In Strange Gods, Susan Jacoby considers religious and ideological conversions, from those as famous as Augustines’s and Muhammmed Ali’s to the lesser known Margaret Fell’s and Peter Cartwright’s, in the wider context of the political and social circumstances of their times. From Augustine of Hippo, early father of the Christian church and author of Confessions and The City of God who converted from paganism to Manichaeism to Christianity, to Muhammad Ali, heavyweight boxing champion and activist who converted from Christianity to the Nation of Islam, to Sunni Islam, to Sufism, her book ranges mostly through the world dominated by Judaism, Christianity, and Islam after the turn of the first millennium CE. Jacoby explores the roles of the personal forces within and the forces of family, community, and the wider cultural, political, and religious shifts without, which led people to adopt new beliefs and in many cases, to spend the rest of their lives proselytizing for them.

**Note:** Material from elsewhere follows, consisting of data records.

(* Let $n,k_1,k_2\in\mathbb N$ with $k_1+k_2<n$. Every Side-By-Side percentile mechanism, i.e. every percentile mechanism $\mathcal{PM}_{\vec v}$, $\vec v\in[0,1]^2$, that places the facility of capacity $k_1$ at $x_i$ and the facility of capacity $k_2$ at $x_{i+1}$ for some $i\in\{1,\dots,n-1\}$ (in sorted order), is Equilibrium Stable.
   Context: There are $n$ agents with positions $\vec x\in[0,1]^n$ and two facilities with capacities $k_1,k_2$; a location $\vec y=(y_1,y_2)$ places the facility of capacity $k_j$ at $y_j$. A fixed priority order breaks ties. FCFS game induced by $(\vec x,\vec y)$: each agent $i$ chooses $s_i\in\{1,2\}$; $\mathcal S_j$ = agents choosing $j$; $T_j\subseteq\mathcal S_j$ = the $\min(k_j,|\mathcal S_j|)$ agents of $\mathcal S_j$ closest to $y_j$ (ties by priority); utility $u_i=1-|x_i-y_j|$ if $i\in T_j$, else $0$. $NE(\vec x,\vec y)$ = set of pure Nash equilibria; $SW_\gamma=\sum_iu_i$. A mechanism $M:[0,1]^n\to\mathbb R^2$ is absolutely truthful if for every $i,\vec x,x_i'\in[0,1],\vec s_{-i}$: $\max_{s_i}u_i(\vec x,M(\vec x);s_i,\vec s_{-i})\ge\max_{s_i'}u_i(\vec x,M(x_i',\vec x_{-i});s_i',\vec s_{-i})$; it is Equilibrium Stable (ES) if it is absolutely truthful and for every $\vec x$ all $\gamma\in NE(\vec x,M(\vec x))$ give the same $SW_\gamma(\vec x,M(\vec x))$. Percentile mechanism $\mathcal{PM}_{\vec v}$: sort reports $x_1\le\dots\le x_n$, set $y_j=x_{\lfloor(n-1)v_j\rfloor+1}$. *)

From mathcomp Require Import all_boot all_order all_algebra perm.
From mathcomp Require Import reals.
Set Implicit Arguments. Unset Strict Implicit. Unset Printing Implicit Defensive.
Import Order.TTheory GRing.Theory Num.Theory.
Local Open Scope ring_scope.

Section FCFS.
Variables (R : realFieldType) (n : nat).

Definition cap (k1 k2 : nat) (j : 'I_2) : nat := if j == ord0 then k1 else k2.
Definition loc (y : R * R) (j : 'I_2) : R := if j == ord0 then y.1 else y.2.

Definition upd {T : Type} (f : 'I_n -> T) (i : 'I_n) (a : T) : 'I_n -> T :=
  fun l => if l == i then a else f l.

(* agent l precedes agent i for facility j (closer to y_j; ties broken by
   the fixed priority order prio, smaller value = higher priority) *)
Definition precedes (prio : {perm 'I_n}) (x : 'I_n -> R) (yj : R) (l i : 'I_n) : bool :=
  (`|x l - yj| < `|x i - yj|) ||
  ((`|x l - yj| == `|x i - yj|) && (prio l < prio i)%N).

(* T_j : agents choosing j that are among the min(k_j,|S_j|) closest to y_j *)
Definition served (k1 k2 : nat) (prio : {perm 'I_n}) (x : 'I_n -> R) (y : R * R)
    (s : 'I_n -> 'I_2) (j : 'I_2) : {set 'I_n} :=
  [set i | (s i == j) &&
     (#|[set l | (s l == j) && precedes prio x (loc y j) l i]| < cap k1 k2 j)%N].

Definition util (k1 k2 : nat) (prio : {perm 'I_n}) (x : 'I_n -> R) (y : R * R)
    (s : 'I_n -> 'I_2) (i : 'I_n) : R :=
  if i \in served k1 k2 prio x y s (s i) then 1 - `|x i - loc y (s i)| else 0.

Definition best_util (k1 k2 : nat) (prio : {perm 'I_n}) (x : 'I_n -> R) (y : R * R)
    (s : 'I_n -> 'I_2) (i : 'I_n) : R :=
  Num.max (util k1 k2 prio x y (upd s i ord0) i) (util k1 k2 prio x y (upd s i (@Ordinal 2 1 isT)) i).

Definition is_NE (k1 k2 : nat) (prio : {perm 'I_n}) (x : 'I_n -> R) (y : R * R)
    (s : 'I_n -> 'I_2) : Prop :=
  forall (i : 'I_n) (a : 'I_2),
    util k1 k2 prio x y (upd s i a) i <= util k1 k2 prio x y s i.

Definition SW (k1 k2 : nat) (prio : {perm 'I_n}) (x : 'I_n -> R) (y : R * R)
    (s : 'I_n -> 'I_2) : R :=
  \sum_(i < n) util k1 k2 prio x y s i.

Definition in01 (t : R) : bool := (0 <= t) && (t <= 1).

Definition absolutely_truthful (k1 k2 : nat) (prio : {perm 'I_n})
    (M : ('I_n -> R) -> R * R) : Prop :=
  forall (i : 'I_n) (x : 'I_n -> R) (xi' : R) (s : 'I_n -> 'I_2),
    (forall l, in01 (x l)) -> in01 xi' ->
    best_util k1 k2 prio x (M (upd x i xi')) s i <= best_util k1 k2 prio x (M x) s i.

Definition equilibrium_stable (k1 k2 : nat) (prio : {perm 'I_n})
    (M : ('I_n -> R) -> R * R) : Prop :=
  absolutely_truthful k1 k2 prio M /\
  forall (x : 'I_n -> R), (forall l, in01 (x l)) ->
    forall s s' : 'I_n -> 'I_2,
      is_NE k1 k2 prio x (M x) s -> is_NE k1 k2 prio x (M x) s' ->
      SW k1 k2 prio x (M x) s = SW k1 k2 prio x (M x) s'.

End FCFS.

Section PM.
Variables (R : archiRealFieldType) (n : nat).

(* reports sorted nondecreasingly; (sorted_reports x)`_m is x_{m+1} in the
   paper's 1-indexed notation *)
Definition sorted_reports (x : 'I_n -> R) : seq R :=
  sort <=%R [seq x i | i <- enum 'I_n].

Definition pidx (v : R) : nat := `|Num.floor ((n.-1)%:R * v)|%N.

(* percentile mechanism PM_v : y_j = x_{floor((n-1) v_j) + 1} *)
Definition PM (v : R * R) (x : 'I_n -> R) : R * R :=
  ((sorted_reports x)`_(pidx v.1), (sorted_reports x)`_(pidx v.2)).

End PM.

(* Truthfulness: moving one's own report can only push an order statistic away
   from one's true position, so every facility gets farther and every agent who
   had priority over us at a facility keeps it; hence no choice of facility pays
   more after misreporting.  Stability: the facilities sit at adjacent order
   statistics, so no report lies strictly between them and no agent is
   equidistant from two distinct facilities.  Then every agent gets the same
   utility in all equilibria.  If agent a loses from s to s', its facility is
   full in s' because of some b who did not choose it in s; b is then strictly
   better off in s and strictly closer to its s-facility than a, so a loser
   closest to its facility cannot exist.  If both facilities coincide, the
   agents ahead of a loser fill all k1 + k2 places in s' but not in s. *)

From mathcomp Require Import all_boot all_order all_algebra perm.
From mathcomp Require Import reals.
From mathcomp Require Import lra.
Set Implicit Arguments. Unset Strict Implicit. Unset Printing Implicit Defensive.
Import Order.TTheory GRing.Theory Num.Theory.
Local Open Scope ring_scope.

What a great idea for a book! Jacoby’s in-depth study shows us how stories of conversion not only offer invaluable insights into the transformative power of newfound belief on individual persons, but how it can affect the lives of those around them and of those who come after them, for good and for ill. She offers us an in-depth exploration of each conversion from a refreshingly secular viewpoint, free of partisanship and complete with associated circumstances, influences, and social dynamics. Since conversion stories are rarely explored outside of the context of the newly adopted belief system, we don’t often get a clear view of the significance of this experience for the converted as well as for the people around them. To those within a religious tradition, converts, especially those who become prominent spokespersons or martyrs, are offered as proofs of the validity and superiority of that particular faith, yet all belief systems have their own and hold them up in this same manner. To those outside of each given tradition, converts can be dismissed as lost or misled, or even considered hoodwinked, brainwashed, or traitorous. Jacoby’s treatment helps to reveal how much larger a story conversion is than the exclusively religious and personal event it’s so often considered, while retaining a sympathetic understanding of its meaningfulness in individual lives. In these pages, each conversion story is not only a rich psychological study, but a valuable history lesson as well.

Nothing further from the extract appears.